Roby Norales

Personal information
- Full name: Roby Alberto Norales Núñez
- Date of birth: 25 January 1991 (age 34)
- Place of birth: Balfate, Honduras
- Height: 1.80 m (5 ft 11 in)
- Position(s): Forward

Team information
- Current team: Mukura Victory

Youth career
- Motagua

Senior career*
- Years: Team / Apps / (Gls)
- 2011–2013: Motagua / 46 / (8)
- 2014: Real Sociedad / 4 / (0)
- 2014–2015: Deportivo Ayutla / 13 / (7)
- 2016: Platense / 25 / (11)
- 2017: Bengaluru FC / 4 / (1)
- 2017: → Ozone FC (loan) / 1 / (0)
- 2017: Platense / 8 / (0)
- 2018: Juventud / 0 / (0)
- 2018: Atlético Esperanzano
- 2019: Liria Prizren / 0 / (0)
- 2020–: Mukura Victory

International career
- 2016: Honduras / 1 / (0)

= Roby Norales =

Honduran footballer (born 1991)

Roby Alberto Norales Núñez (born 25 January 1991), is a Honduran footballer who plays for Honduran club Mukura Victory Sports F.C. as a forward.

==Club career==
Roby made his National League debut for F.C. Motagua on 28 August 2011 under head coach Ramón Maradiaga against Platense F.C.
His first goal came against C.D. Victoriaon 13 November the same year, where he went on to score 2 goals at the Estadio Nacional.

===Bengaluru===
On 7 January 2017, Norales signed for Indian I-League champions, Bengaluru FC. However, after 4 games, he was loaned out to I-League 2nd division team Ozone FC. He scored only 1 goal with the club in the league.

===Platense===
After unsuccessful stint in India, Norales rejoined Platense in 2017–18 season.

===Mukura Victory===
After a failed spell at Kosovo with KF Liria, Norales joined Mukura Victory in Rwanda for the 2020 season.

==International career==
He was summoned for the first time to the Honduras national team in August 2012 for matches against Cuba in 2014 World Cup Qualifiers.

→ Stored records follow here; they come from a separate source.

(* Every pair of orthogonal quantum Latin squares of order $4$ is classical.
   Context: A quantum Latin square (QLS) of order $n$ is an $n\times n$ matrix $\Psi=(\psi_{ij})_{1\le i,j\le n}$ whose entries are unit vectors in $\mathbb C^n$ such that the entries of each row and the entries of each column form an orthonormal basis of $\mathbb C^n$. Two QLS $\Psi=(\psi_{ij})$ and $\Phi=(\phi_{ij})$ of order $n$ are orthogonal if $\{\psi_{ij}\otimes\phi_{ij}: 1\le i,j\le n\}$ is an orthonormal basis of $\mathbb C^n\otimes\mathbb C^n$. Fix the standard orthonormal basis $\ket{1},\dots,\ket{n}$ of $\mathbb C^n$. Two pairs of orthogonal QLS of order $n$ are isotopic if one can be obtained from the other by a sequence of the operations: (i) multiplying individual entries by phase factors; (ii) permuting the rows, and permuting the columns, simultaneously in both squares; (iii) for each square separately, applying one unitary transformation of $\mathbb C^n$ to all entries of that square. A pair is classical if it is isotopic to a pair all of whose entries lie in $\{\ket{1},\dots,\ket{n}\}$. *)

From HB Require Import structures.
From mathcomp Require Import all_boot all_order all_algebra.
From mathcomp Require Import fingroup perm complex mxtens.
From mathcomp Require Import reals.
From Stdlib Require Import Relations.

Set Implicit Arguments.
Unset Strict Implicit.
Unset Printing Implicit Defensive.

Import Order.TTheory GRing.Theory Num.Theory.
Local Open Scope ring_scope.

Section QLS.
Variable R : rcfType.
Local Notation C := R[i].

Definition adj {m n : nat} (A : 'M[C]_(m, n)) : 'M[C]_(n, m) :=
  (map_mx Num.conj A)^T.

(* standard Hermitian inner product <u, v> = u^* v (conjugate-linear in u) *)
Definition hdot {n : nat} (u v : 'cV[C]_n) : C := (adj u *m v) 0 0.

Definition orthonormal {I : finType} {n : nat} (f : I -> 'cV[C]_n) : Prop :=
  forall i j, hdot (f i) (f j) = (i == j)%:R.

Definition spans {I : finType} {n : nat} (f : I -> 'cV[C]_n) : Prop :=
  forall v : 'cV[C]_n, exists c : I -> C, v = \sum_i c i *: f i.

Definition is_onb {I : finType} {n : nat} (f : I -> 'cV[C]_n) : Prop :=
  orthonormal f /\ spans f.

Definition square (n : nat) := 'I_n -> 'I_n -> 'cV[C]_n.

Definition is_QLS {n : nat} (Psi : square n) : Prop :=
  (forall i, is_onb (fun j => Psi i j)) /\ (forall j, is_onb (fun i => Psi i j)).

(* orthogonality of two QLS: the psi_ij (x) phi_ij form an ONB of C^n (x) C^n,
   with C^n (x) C^n = C^(n*n) via the Kronecker product *)
Definition orthogonal_QLS {n : nat} (Psi Phi : square n) : Prop :=
  is_onb (fun ij : ('I_n * 'I_n)%type => Psi ij.1 ij.2 *t Phi ij.1 ij.2).

Definition unitary {n : nat} (U : 'M[C]_n) : Prop := U *m adj U = 1%:M.

Inductive isotopy_step {n : nat} : (square n * square n)%type -> (square n * square n)%type -> Prop :=
  | iso_phase (P Q : square n) (a b : 'I_n -> 'I_n -> C) :
      (forall i j, `|a i j| = 1) -> (forall i j, `|b i j| = 1) ->
      isotopy_step (P, Q) (fun i j => a i j *: P i j, fun i j => b i j *: Q i j)
  | iso_perm (P Q : square n) (s t : 'S_n) :
      isotopy_step (P, Q) (fun i j => P (s i) (t j), fun i j => Q (s i) (t j))
  | iso_unitary (P Q : square n) (U V : 'M[C]_n) :
      unitary U -> unitary V ->
      isotopy_step (P, Q) (fun i j => U *m P i j, fun i j => V *m Q i j).

Definition isotopic {n : nat} (PQ PQ' : (square n * square n)%type) : Prop :=
  clos_refl_trans _ isotopy_step PQ PQ'.

Definition ket {n : nat} (k : 'I_n) : 'cV[C]_n := delta_mx k 0.

Definition classical_pair {n : nat} (Psi Phi : square n) : Prop :=
  exists Psi' Phi' : square n,
    isotopic (Psi, Phi) (Psi', Phi') /\
    (forall i j, exists k, Psi' i j = ket k) /\
    (forall i j, exists k, Phi' i j = ket k).

End QLS.

From Pilot Require Import Defs.
From HB Require Import structures.
From mathcomp Require Import all_boot all_order all_algebra.
From mathcomp Require Import complex mxtens reals.
From Stdlib Require Import Relations.
Import Defs.

Set Implicit Arguments.
Unset Strict Implicit.
Unset Printing Implicit Defensive.

Import Order.TTheory GRing.Theory Num.Theory.
Local Open Scope ring_scope.

(* After the first row of each square is rotated to the standard basis, the
   vectors psi_ij and phi_ij (i <> 0) must have disjoint supports, both avoiding
   the coordinate j.  If some psi_ij had two coordinates in its support, phi_ij
   would be a multiple of the remaining basis vector |l>, and orthogonality in
   column j would then force psi_dj to be a multiple of |l> for both rows d
   other than 0 and i; but those two vectors are orthogonal.  Hence every entry
   is a phase times a basis vector, and so is every entry of the second square
   by symmetry. *)

Lemma exists_notin (T : finType) (s : seq T) : (size s < #|T|)%N -> exists x, x \notin s.
Proof.
move=> lt_s_T; apply/existsP; rewrite -negb_forall.
apply: contraL lt_s_T => /forallP in_s; rewrite -leqNgt.
by apply: leq_trans (card_size s); apply/subset_leq_card/subsetP => x _; apply: in_s.
Qed.

Lemma mem_uniq_card (T : finType) (s : seq T) (x : T) :
  uniq s -> size s = #|T| -> x \in s.
Proof.
move=> Us size_s; have [|_ ->] := uniq_min_size Us (fun y _ => mem_enum T y).
  by rewrite size_s cardE.
by rewrite mem_enum.
Qed.

Section Hermitian.
Variable R : rcfType.
Local Notation C := R[i].

Lemma hdotE n (u v : 'cV[C]_n) : hdot u v = \sum_k (u k 0)^* * v k 0.
Proof. by rewrite /hdot /adj mxE; apply: eq_bigr => k _; rewrite !mxE. Qed.

Lemma adjM m n p (A : 'M[C]_(m, n)) (B : 'M[C]_(n, p)) : adj (A *m B) = adj B *m adj A.
Proof. by rewrite /adj map_mxM trmx_mul. Qed.

Lemma hdot_tens m n (a c : 'cV[C]_m) (b d : 'cV[C]_n) :
  hdot (a *t b) (c *t d) = hdot a c * hdot b d.
Proof.
rewrite /hdot /adj.
have -> : (map_mx Num.conj (a *t b))^T = (map_mx Num.conj a)^T *t (map_mx Num.conj b)^T.
  by apply/matrixP => i j; rewrite !mxE rmorphM.
rewrite (tensmx_mul (map_mx Num.conj a)^T (map_mx Num.conj b)^T c d) mxE.
by rewrite !(ord1 (_ : 'I_1)).
Qed.

Lemma hdot_unitary n (U : 'M[C]_n) (u v : 'cV[C]_n) :
  unitary U -> hdot (U *m u) (U *m v) = hdot u v.
Proof. by move=> uU; rewrite /hdot adjM -mulmxA (mulmxA (adj U)) (mulmx1C uU) mul1mx. Qed.

Lemma orthonormal_tens_unitary (I : finType) m n (f : I -> 'cV[C]_m) (g : I -> 'cV[C]_n)
    (U : 'M[C]_m) (V : 'M[C]_n) :
  unitary U -> unitary V -> orthonormal (fun x => f x *t g x) ->
  orthonormal (fun x => (U *m f x) *t (V *m g x)).
Proof. by move=> uU uV fg x y; rewrite hdot_tens !hdot_unitary // -hdot_tens. Qed.

Lemma orthonormal_tensC (I : finType) m n (f : I -> 'cV[C]_m) (g : I -> 'cV[C]_n) :
  orthonormal (fun x => f x *t g x) -> orthonormal (fun x => g x *t f x).
Proof. by move=> fg x y; rewrite hdot_tens mulrC -hdot_tens. Qed.

Lemma hdot_ket n (k : 'I_n) (v : 'cV[C]_n) : hdot (ket R k) v = v k 0.
Proof.
rewrite hdotE (bigD1 k) //= !mxE eqxx conjC1 mul1r big1 ?addr0 // => t tk.
by rewrite !mxE (negPf tk) conjC0 mul0r.
Qed.

Lemma unit_nz_coord n (u : 'cV[C]_n) : hdot u u = 1 -> exists k, u k 0 != 0.
Proof.
move=> u1; have [k uk | u0] := pickP (fun k => u k 0 != 0); first by exists k.
move: u1; rewrite hdotE big1 => [/eqP|k _]; first by rewrite eq_sym oner_eq0.
by move/negbFE/eqP: (u0 k) ->; rewrite mulr0.
Qed.

Lemma hdot_single n (u v : 'cV[C]_n) (a : 'I_n) :
  (forall t, t != a -> (u t 0)^* * v t 0 = 0) -> hdot u v = (u a 0)^* * v a 0.
Proof. by move=> uv; rewrite hdotE (bigD1 a) //= big1 ?addr0. Qed.

Lemma orth_single n (u v : 'cV[C]_n) (a : 'I_n) :
  hdot u v = 0 -> (forall t, t != a -> (u t 0)^* * v t 0 = 0) -> u a 0 != 0 -> v a 0 = 0.
Proof.
move=> uv0 uv ua; move/eqP: uv0; rewrite (hdot_single uv) mulf_eq0 conjC_eq0.
by rewrite (negPf ua) => /eqP.
Qed.

Definition vanishes_off n (u : 'cV[C]_n) (k : 'I_n) := forall t, t != k -> u t 0 = 0.

Lemma vanishes_off_conjl n (u : 'cV[C]_n) (a : 'I_n) :
  vanishes_off u a -> forall (v : 'cV[C]_n) t, t != a -> (u t 0)^* * v t 0 = 0.
Proof. by move=> ua v t /ua ->; rewrite conjC0 mul0r. Qed.

Lemma unit_vanishes_off_ket n (u : 'cV[C]_n) (m : 'I_n) :
  hdot u u = 1 -> vanishes_off u m -> `|(u m 0)^*| = 1 /\ (u m 0)^* *: u = ket R m.
Proof.
move=> u1 um; have unorm : (u m 0)^* * u m 0 = 1.
  by rewrite -(hdot_single (vanishes_off_conjl um u)).
split; first by apply/eqP; rewrite -sqrp_eq1 // normCK conjCK unorm.
apply/matrixP => r c; rewrite (ord1 c) !mxE eqxx andbT.
have [->|rm] := eqVneq r m; first by rewrite unorm.
by rewrite (um r rm) mulr0.
Qed.

Lemma unit_vanishes_off_nz n (u : 'cV[C]_n) (m : 'I_n) :
  hdot u u = 1 -> vanishes_off u m -> u m 0 != 0.
Proof.
move=> u1 um; have [/eqP + _] := unit_vanishes_off_ket u1 um.
by apply: contraTneq => ->; rewrite conjC0 normr0 eq_sym oner_eq0.
Qed.

Definition adj_frame_mx n (f : 'I_n -> 'cV[C]_n) : 'M[C]_n := \matrix_(k, m) (f k m 0)^*.

Lemma adj_frame_mxE n (f : 'I_n -> 'cV[C]_n) (v : 'cV[C]_n) k :
  (adj_frame_mx f *m v) k 0 = hdot (f k) v.
Proof. by rewrite mxE hdotE; apply: eq_bigr => m _; rewrite mxE. Qed.

Lemma adj_frame_mx_unitary n (f : 'I_n -> 'cV[C]_n) :
  orthonormal f -> unitary (adj_frame_mx f).
Proof.
move=> onf; apply/matrixP => k k'; rewrite !mxE -onf hdotE.
by apply: eq_bigr => m _; rewrite !mxE conjCK.
Qed.

Lemma adj_frame_mx_frame n (f : 'I_n -> 'cV[C]_n) k :
  orthonormal f -> adj_frame_mx f *m f k = ket R k.
Proof.
by move=> onf; apply/matrixP => r c; rewrite (ord1 c) adj_frame_mxE onf !mxE andbT eq_sym.
Qed.

Lemma classical_pair_of_vanishes_off n (Psi Phi : square R n) (U V : 'M[C]_n) :
  unitary U -> unitary V ->
  (forall i j, hdot (U *m Psi i j) (U *m Psi i j) = 1) ->
  (forall i j, hdot (V *m Phi i j) (V *m Phi i j) = 1) ->
  (forall i j, exists m, vanishes_off (U *m Psi i j) m) ->
  (forall i j, exists m, vanishes_off (V *m Phi i j) m) ->
  classical_pair Psi Phi.
Proof.
move=> uU uV Psi1 Phi1 PsiS PhiS.
have /fin_all_exists [mP mPE] : forall ij : 'I_n * 'I_n,
  exists m, vanishes_off (U *m Psi ij.1 ij.2) m by case=> i j; apply: PsiS.
have /fin_all_exists [mQ mQE] : forall ij : 'I_n * 'I_n,
  exists m, vanishes_off (V *m Phi ij.1 ij.2) m by case=> i j; apply: PhiS.
pose a i j := ((U *m Psi i j) (mP (i, j)) 0)^*.
pose b i j := ((V *m Phi i j) (mQ (i, j)) 0)^*.
have ketP i j := unit_vanishes_off_ket (Psi1 i j) (mPE (i, j)).
have ketQ i j := unit_vanishes_off_ket (Phi1 i j) (mQE (i, j)).
exists (fun i j => a i j *: (U *m Psi i j)), (fun i j => b i j *: (V *m Phi i j)).
split; [|split].
- apply: rt_trans (rt_step _ _ _ _ (iso_unitary Psi Phi uU uV)) _.
  by apply/rt_step/iso_phase => i j; [exact: (ketP i j).1 | exact: (ketQ i j).1].
- by move=> i j; exists (mP (i, j)); exact: (ketP i j).2.
- by move=> i j; exists (mQ (i, j)); exact: (ketQ i j).2.
Qed.

End Hermitian.

Section OrderFour.
Variable R : rcfType.
Local Notation C := R[i].
Variables X Y : 'I_4 -> 'I_4 -> 'cV[C]_4.
Hypothesis colX : forall j, orthonormal (X^~ j).
Hypothesis colY : forall j, orthonormal (Y^~ j).
Hypothesis X0 : forall k, X 0 k = ket R k.
Hypothesis Y0 : forall k, Y 0 k = ket R k.
Hypothesis orthXY : orthonormal (fun ij : 'I_4 * 'I_4 => X ij.1 ij.2 *t Y ij.1 ij.2).

Let X_unit i j : hdot (X i j) (X i j) = 1. Proof. by rewrite colX eqxx. Qed.
Let Y_unit i j : hdot (Y i j) (Y i j) = 1. Proof. by rewrite colY eqxx. Qed.

Let X_orth j i d : d != i -> hdot (X i j) (X d j) = 0.
Proof. by move=> di; rewrite colX eq_sym (negPf di). Qed.
Let Y_orth j i d : d != i -> hdot (Y i j) (Y d j) = 0.
Proof. by move=> di; rewrite colY eq_sym (negPf di). Qed.

Let X_diag i j : i != 0 -> X i j j 0 = 0.
Proof. by move=> i0; rewrite -(X_orth j i0) X0 hdot_ket. Qed.
Let Y_diag i j : i != 0 -> Y i j j 0 = 0.
Proof. by move=> i0; rewrite -(Y_orth j i0) Y0 hdot_ket. Qed.

Let XY_disjoint i j t : i != 0 -> X i j t 0 * Y i j t 0 = 0.
Proof.
move=> i0; have := orthXY (0, t) (i, j).
by rewrite hdot_tens X0 Y0 !hdot_ket xpair_eqE eq_sym (negPf i0).
Qed.

Let X_eq0 i j t : i != 0 -> Y i j t 0 != 0 -> X i j t 0 = 0.
Proof.
by move=> i0 Yt; move/eqP: (XY_disjoint j t i0); rewrite mulf_eq0 (negPf Yt) orbF => /eqP.
Qed.
Let Y_eq0 i j t : i != 0 -> X i j t 0 != 0 -> Y i j t 0 = 0.
Proof.
by move=> i0 Xt; move/eqP: (XY_disjoint j t i0); rewrite mulf_eq0 (negPf Xt) => /eqP.
Qed.

Lemma other_rows_vanish_off i d j l m k :
    i != 0 -> d != 0 -> d != i -> (forall t, t \in [:: l; j; m; k]) ->
    X i j m 0 != 0 -> X i j k 0 != 0 -> vanishes_off (Y i j) l ->
  vanishes_off (X d j) l.
Proof.
move=> i0 d0 di cover Xm Xk Yl.
have Yil := unit_vanishes_off_nz (Y_unit i j) Yl.
have Xil : X i j l 0 = 0 := X_eq0 i0 Yil.
have Ydl : Y d j l 0 = 0 := orth_single (Y_orth j di) (vanishes_off_conjl Yl _) Yil.
have [t0 Ydt0] := unit_nz_coord (Y_unit d j).
have Xdt0 := X_eq0 d0 Ydt0.
wlog t0m : m k Xm Xk cover / t0 = m.
  move=> sym; have := cover t0; rewrite !inE => /or4P[] /eqP t0E.
  - by rewrite t0E Ydl eqxx in Ydt0.
  - by rewrite t0E Y_diag ?eqxx in Ydt0.
  - exact: (sym m k).
  apply: (sym k m) => // t; have := cover t; rewrite !inE.
  by case/or4P => ->; rewrite ?orbT.
subst t0; have Xdk : X d j k 0 = 0.
  apply: orth_single (X_orth j di) _ Xk => t; have := cover t; rewrite !inE.
  case/or4P => /eqP -> tk; rewrite ?Xil ?X_diag ?Xdt0 ?conjC0 ?mul0r ?mulr0 //.
  by rewrite eqxx in tk.
move=> t; have := cover t; rewrite !inE.
case/or4P => /eqP -> tl; rewrite ?X_diag ?Xdt0 ?Xdk //.
by rewrite eqxx in tl.
Qed.

Lemma X_vanishes_off i j : exists m, vanishes_off (X i j) m.
Proof.
have [->|i0] := eqVneq i 0; first by exists j => t tj; rewrite X0 !mxE (negPf tj).
have [m Xm] := unit_nz_coord (X_unit i j).
have [k /andP[km Xk] | Xoff] := pickP (fun k => (k != m) && (X i j k 0 != 0)); last first.
  by exists m => t tm; move: (Xoff t); rewrite tm /= => /negbFE/eqP.
exfalso.
have jm : j != m by apply: contraNneq Xm => <-; rewrite X_diag.
have jk : j != k by apply: contraNneq Xk => <-; rewrite X_diag.
have [l l_new] : exists l, l \notin [:: j; m; k] by apply: exists_notin; rewrite card_ord.
have cover t : t \in [:: l; j; m; k].
  by apply: mem_uniq_card; rewrite ?card_ord //= l_new !inE negb_or jm jk eq_sym km.
have Yl : vanishes_off (Y i j) l.
  move=> t; have := cover t; rewrite !inE.
  case/or4P => /eqP -> tl; rewrite ?Y_diag ?Y_eq0 //.
  by rewrite eqxx in tl.
have [d1 d1_new] : exists d, d \notin [:: 0; i] by apply: exists_notin; rewrite card_ord.
have [d2 d2_new] : exists d, d \notin [:: 0; i; d1].
  by apply: exists_notin; rewrite card_ord.
move: d1_new d2_new; rewrite !inE !negb_or => /andP[d10 d1i] /and3P[d20 d2i d21].
have Xd1 := other_rows_vanish_off i0 d10 d1i cover Xm Xk Yl.
have Xd2 := other_rows_vanish_off i0 d20 d2i cover Xm Xk Yl.
have /eqP := orth_single (X_orth j d21) (vanishes_off_conjl Xd1 _)
  (unit_vanishes_off_nz (X_unit d1 j) Xd1).
by rewrite (negPf (unit_vanishes_off_nz (X_unit d2 j) Xd2)).
Qed.

End OrderFour.

Theorem mainTheorem3 (R : realType) (Psi Phi : square R 4) :
  is_QLS Psi -> is_QLS Phi -> orthogonal_QLS Psi Phi -> classical_pair Psi Phi.
Proof.
move=> [rowP colP] [rowQ colQ] orthPQ.
pose U := adj_frame_mx (Psi 0); pose V := adj_frame_mx (Phi 0).
have uU : unitary U := adj_frame_mx_unitary (rowP 0).1.
have uV : unitary V := adj_frame_mx_unitary (rowQ 0).1.
pose X i j := U *m Psi i j; pose Y i j := V *m Phi i j.
have colX j : orthonormal (X^~ j).
  by move=> i i'; rewrite hdot_unitary // (colP j).1.
have colY j : orthonormal (Y^~ j).
  by move=> i i'; rewrite hdot_unitary // (colQ j).1.
have X0 k : X 0 k = ket R k := adj_frame_mx_frame k (rowP 0).1.
have Y0 k : Y 0 k = ket R k := adj_frame_mx_frame k (rowQ 0).1.
have orthXY := orthonormal_tens_unitary uU uV orthPQ.1.
apply: (classical_pair_of_vanishes_off uU uV).
- by move=> i j; have := colX j i i; rewrite eqxx.
- by move=> i j; have := colY j i i; rewrite eqxx.
- exact: (X_vanishes_off colX colY X0 Y0 orthXY).
- exact: (X_vanishes_off colY colX Y0 X0 (orthonormal_tensC orthXY)).
Qed.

On 3 November 2016 he made his international debut in a friendly against Belize, coming on as a substitute in the 46th minute of the match.

On 4 November 2016 he received a call by Jorge Luis Pinto for games against Panama and Trinidad and Tobago for the 2018 World Cup Qualifiers.

==Personal life==
Born in Rio Esteban, a village 20 km from Balfate he came to San Pedro Sula in 2009 to play football and joined the youth team of F.C. Motagua. Honduras national team striker Romell Quioto is his cousin.